La Réunification des 2 Corées… Scénographie et mise en scène superbement décalées

"La Réunification des deux Corées", Odéon Ateliers Berthier, Paris

[Reprise] Dans une mise en scène où l’atmosphère et la scénographie distille quelques vapeurs de sombre étrangeté, la mise en distance opérée entre les personnages, dans une série de scénettes, donne au spectacle une allure de folie raisonnée de très bel acabit.



© Élisabeth Carecchio.
© Élisabeth Carecchio.
Lumière sur une scène tout en longueur. L’atmosphère est chargée, l’air comme traversé par des nuages bleus. À chaque extrémité de la scène, un personnage et son protagoniste. La parole semble lointaine, comme un champ de bataille à traverser pour communiquer.

Le spectacle est découpé en une vingtaine de scènes. Joël Pommerat traite du désamour, de l’incompréhension, du rapport entre deux irréductibilités noyées dans leurs certitudes. Quand le "Nan" et le "Non" se rencontrent, l’issue ne peut déboucher sur un fleuve de compréhension. Les histoires se déroulent dans des espaces-lieux décalés où l’étrangeté frôle la déraison. Étrange, tout est étrange dans ces scènes qui s’enchaînent harmonieusement les unes aux autres.
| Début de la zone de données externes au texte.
Section ZigzagPaths.
Variables (T : finType) (e : rel T) (xt yt : T) (Xs Ys : seq T).
Local Notation X := (xt :: Xs).
Local Notation Y := (yt :: Ys).
Hypotheses (e_sym : symmetric e) (uX : uniq X) (uY : uniq Y) (dXY : [disjoint X & Y]).

Definition vtx (u : bool * nat) : T := if u.1 then nth xt X u.2 else nth yt Y u.2.
Definition xpos (c : T * T) := index c.1 X.
Definition ypos (c : T * T) := index c.2 Y.

Lemma vtxX k : vtx (true, k) = nth xt X k. Proof. by []. Qed.
Lemma vtxY k : vtx (false, k) = nth yt Y k. Proof. by []. Qed.

Lemma H_edge_down_X k : k.+1 < size X -> H_edge e X Y (vtx (true, k)) (vtx (true, k.+1)).
Proof.
move=> Hk; rewrite !vtxX /H_edge /consecutive !mem_nth ?(ltnW Hk) //.
by rewrite !index_uniq ?(ltnW Hk) // eqxx.
Qed.

Lemma H_edge_up_Y k : k.+1 < size Y -> H_edge e X Y (vtx (false, k.+1)) (vtx (false, k)).
Proof.
move=> Hk; rewrite !vtxY /H_edge /consecutive !mem_nth ?(ltnW Hk) //.
by rewrite !index_uniq ?(ltnW Hk) // eqxx !orbT.
Qed.

Lemma H_edge_chord c : chord e X Y c ->
  H_edge e X Y (vtx (true, xpos c)) (vtx (false, ypos c)) &&
  H_edge e X Y (vtx (false, ypos c)) (vtx (true, xpos c)).
Proof.
case/and3P => Hx Hy He; rewrite vtxX vtxY /xpos /ypos !nth_index //.
by rewrite /H_edge Hx Hy He e_sym He !orbT.
Qed.

Definition on_pair (u : bool * nat) := if u.1 then u.2 < size X else u.2 < size Y.

Lemma vtx_inj : {in on_pair &, injective vtx}.
Proof.
have XY x y : x \in X -> y \in Y -> x <> y.
  by move=> Hx Hy E; move: Hy; rewrite -E (disjointFr dXY Hx).
move=> [[] i] [[] j]; rewrite /on_pair /vtx /in_mem /= => Hi Hj.
- by move/eqP; rewrite nth_uniq // => /eqP ->.
- by move/XY; rewrite !mem_nth // => /(_ isT isT).
- by move/esym/XY; rewrite !mem_nth // => /(_ isT isT).
- by move/eqP; rewrite nth_uniq // => /eqP ->.
Qed.

Lemma vtx_mem u : on_pair u -> vtx u \in X ++ Y.
Proof.
by case: u => -[] k; rewrite /on_pair /vtx mem_cat /= => Hk; rewrite mem_nth ?orbT.
Qed.

Lemma interlacing_cross c d : chord e X Y c -> chord e X Y d ->
  interlacing X Y c d -> cross xpos ypos c d || cross xpos ypos d c.
Proof.
move=> /and3P [Hc1 Hc2 _] /and3P [Hd1 Hd2 _] /and4P [H1 H2 H3 H4].
have Hx : xpos c != xpos d by apply: contra H1 => /eqP /index_inj -> //.
have Hy : ypos c != ypos d by apply: contra H2 => /eqP /index_inj -> //.
by move: H3 H4 Hx Hy; rewrite /cross /xpos /ypos; clear; lia.
Qed.

Definition zz_path s := map vtx (zigzag xpos ypos 0 s).

Lemma zigzag_H_path s : odd (size s) -> sorted (cross xpos ypos) s ->
  all (chord e X Y) s ->
  H_path_between e X Y xt yt (zz_path s) /\
  Posz (plen (zz_path s)) = zlen (chord_length X Y) s.
Proof.
move=> Hodd Hsort Hch.
have Hok : zz_ok xpos ypos 0 s by rewrite /zz_ok Hodd Hsort; apply/allP.
have Hb : all (bounded xpos ypos (size X) (size Y)) s.
  by apply: sub_all Hch => c /and3P [Hx Hy _]; rewrite /bounded !index_mem Hx Hy.
have Hin : {in zigzag xpos ypos 0 s, forall u, on_pair u} := zigzag_bounds Hok Hb.
have Hne : s != [::] by apply: contraTneq Hodd => ->.
have Hsorted : sorted (relpre vtx (H_edge e X Y)) (zigzag xpos ypos 0 s).
  apply: zigzag_sorted Hok Hb _ => [k | k | c Hc]; first exact: H_edge_down_X.
    exact: H_edge_up_Y.
  exact: H_edge_chord (allP Hch c Hc).
have Hsize : (Posz (size (zigzag xpos ypos 0 s)) + Posz 0 =
               zlen (chord_length X Y) s + 1)%R by exact: zigzag_size Hok.
move: Hin Hsize (zigzag_uniq Hok) Hsorted (zigzag_last xpos ypos (true, 0) 0 Hodd).
move: (zigzag_head xpos ypos (true, 0) 0 Hne); rewrite /zz_path.
case: (zigzag xpos ypos 0 s) => [//|u tl] Hhead Hin Hsize Huniq Hsorted Hlast.
split; first split.
- apply: is_path_sorted; rewrite ?sorted_map //.
  by rewrite map_inj_in_uniq // => v w Hv Hw; apply: vtx_inj; apply: Hin.
- split; first by apply/allP => v /mapP [w Hw ->]; apply: vtx_mem; exact: Hin.
  by move: Hhead Hlast => /= -> Hlast; rewrite last_map Hlast.
- by rewrite /plen size_map; move: Hsize; rewrite /=; lia.
Qed.

Lemma sub_zigzag_H_path cs s : sorted (cross xpos ypos) cs -> all (chord e X Y) cs ->
  subseq s cs -> odd (size s) ->
  H_path_between e X Y xt yt (zz_path s) /\
  Posz (plen (zz_path s)) = zlen (chord_length X Y) s.
Proof.
move=> Hsort Hch Hs Ho; apply: zigzag_H_path => //.
  by apply: subseq_sorted Hs Hsort; apply: cross_trans.
by apply/allP => p /(mem_subseq Hs); apply/allP.
Qed.

End ZigzagPaths.

Theorem lemma4p4 (T : finType) (e : rel T) (t D : nat)
  (xt yt : T) (Xs Ys : seq T) (c : 'I_(3 * t) -> T * T) (a : nat) :
  1 <= t -> 1 <= D ->
  simple_graph e ->
  section_pair e (xt :: Xs) (yt :: Ys) ->
  (forall i, chord e (xt :: Xs) (yt :: Ys) (c i)) ->
  (forall i j, i != j -> interlacing (xt :: Xs) (yt :: Ys) (c i) (c j)) ->
  (forall i, a <= chord_length (xt :: Xs) (yt :: Ys) (c i) < a + D) ->
  exists P : nat -> seq T,
    (forall i, i < t -> H_path_between e (xt :: Xs) (yt :: Ys) xt yt (P i)) /\
    (forall i, i.+1 < t ->
       plen (P i) + 1 <= plen (P i.+1) <= plen (P i) + 2 * D) /\
    plen (P t.-1) >= plen (P 0) + t - 1.
Proof.
move=> Ht HD [e_sym _] [[_ uX] [[_ uY] dXY]] Hch Hint Hwin.
have [cs [Hsort Hsize Hsub]] := sort_crossing (fun i j Hij =>
  interlacing_cross (Hch i) (Hch j) (Hint i j Hij)).
have cs_chord : all (chord e (xt :: Xs) (yt :: Ys)) cs.
  by apply/allP => p /Hsub /codomP [i ->].
have cs_win : all (in_window (chord_length (xt :: Xs) (yt :: Ys)) a D) cs.
  by apply/allP => p /Hsub /codomP [i ->]; exact: Hwin.
have cs_ne : cs != [::] by rewrite -size_eq0 Hsize card_ord; lia.
have [s0 [ch [Hg0 Hsteps Hgch Hlong]]] := long_chain cs_win cs_ne.
pose P i := zz_path xt yt Xs Ys (nth s0 (s0 :: ch) i).
have Hgood i : i <= size ch ->
    good (chord_length (xt :: Xs) (yt :: Ys)) a cs (nth s0 (s0 :: ch) i).
  by case: i => [|i] Hi //=; apply: (allP Hgch); rewrite mem_nth.
have HP i : i <= size ch -> H_path_between e (xt :: Xs) (yt :: Ys) xt yt (P i) /\
    Posz (plen (P i)) = zlen (chord_length (xt :: Xs) (yt :: Ys)) (nth s0 (s0 :: ch) i).
  by move=> /Hgood /and3P [Hs Ho _]; exact: sub_zigzag_H_path Hsort cs_chord Hs Ho.
have Hlen : t <= (size ch).+1 by move: Hlong; rewrite Hsize card_ord; lia.
have Hstep i : i.+1 < t -> plen (P i) + 1 <= plen (P i.+1) <= plen (P i) + D + 1.
  move=> Hi; have [_ E1] := HP i ltac:(lia); have [_ E2] := HP i.+1 ltac:(lia).
  have := (pathP s0 Hsteps) i ltac:(lia).
  by rewrite /step -[nth s0 ch i]/(nth s0 (s0 :: ch) i.+1) -E1 -E2; lia.
exists P; split; [|split].
- by move=> i Hi; have [] := HP i ltac:(lia).
- by move=> i /Hstep; lia.
- by apply: (chain_spread (f := fun i => plen (P i))) => i /Hstep; lia.
Qed.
Chaque scène est une histoire, unique, qui se suffit à elle-même. Le lien entre les histoires est cette distance, cette irréductibilité entre les personnages, distance symbolisée par une scène longitudinale où les personnages sont souvent aux extrémités. Distance aussi de non-retour dont les mots, les propos ne peuvent rien combler et où le contact corporel est soit inexistant soit très présent dans des corps à corps violents.

© Élisabeth Carecchio.
© Élisabeth Carecchio.
La mise en scène met en exergue avec beaucoup d’habileté ces distances, ces vides, ces lieux insondables où le dicible taquine l’indicible. Chaque histoire met en action les ressorts cachés de nos sentiments, de nos pulsions, de nos incompréhensions.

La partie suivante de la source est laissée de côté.